▶ **REQUIRED WORK**: Locate the line containing "Inductive term (S" in the data below. Reproduce it and every following line up to the end, exactly as given.

Stored items
* * * * *
(* Let $\mathbf{A}$ be an algebra with an $m$-ary, $p$-pointed, $k$-cube term, with at least one constant symbol appearing in the cube identities (so $p\geq 1$). If $\mathbf{A}^{p+k-1}$ is finitely generated, then all finite powers of $\mathbf{A}$ are finitely generated and $d_{\mathbf{A}}(n)$ is bounded above by a polynomial of degree at most $\log_w(m)$, where $w = 2k/(2k-1)$ (i.e., $d_{\mathbf{A}}(n)\in O(n^{\log_w(m)})$).
   Context: An algebra $\mathbf{A}$ has an $m$-ary, $p$-pointed, $k$-cube term if there is a term $F(x_1,\dots,x_m)$ in the language of $\mathbf{A}$ and a $k\times m$ matrix $M=[y_{i,j}]$ whose entries are variables and constant symbols (nullary operation symbols of the language), exactly $p$ distinct constant symbols occurring, such that every column of $M$ contains an entry different from the variable $x$, and the identities $F(y_{i,1},\dots,y_{i,m})\approx x$ (the cube identities), $i=1,\dots,k$, hold in $\mathbf{A}$. $d_{\mathbf{A}}(n)$ is the least size of a generating set of $\mathbf{A}^n$. *)

From mathcomp Require Import ssreflect ssrfun ssrbool eqtype ssrnat fintype.
From Stdlib Require Import Reals List.

Set Implicit Arguments.
Unset Strict Implicit.
Unset Printing Implicit Defensive.

Record signature := Signature { sym : Type; ar : sym -> nat }.

Record algebra (S : signature) := Algebra {
  carrier : Type;
  op : forall f : sym S, ('I_(ar f) -> carrier) -> carrier }.

Arguments op {S} a f _.

Inductive term (S : signature) (X : Type) : Type :=
  | Var : X -> term S X
  | App : forall f : sym S, ('I_(ar f) -> term S X) -> term S X.

Arguments Var {S X} _.
Arguments App {S X} f _.

Fixpoint eval (S : signature) (A : algebra S) (X : Type)
  (v : X -> carrier A) (t : term S X) : carrier A :=
  match t with
  | Var x => v x
  | App f ts => op A f (fun i => @eval S A X v (ts i))
  end.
* * * * *
▶ **EXPECTED ANSWER**:
Inductive term (S : signature) (X : Type) : Type :=
  | Var : X -> term S X
  | App : forall f : sym S, ('I_(ar f) -> term S X) -> term S X.

Arguments Var {S X} _.
Arguments App {S X} f _.

Fixpoint eval (S : signature) (A : algebra S) (X : Type)
  (v : X -> carrier A) (t : term S X) : carrier A :=
  match t with
  | Var x => v x
  | App f ts => op A f (fun i => @eval S A X v (ts i))
  end.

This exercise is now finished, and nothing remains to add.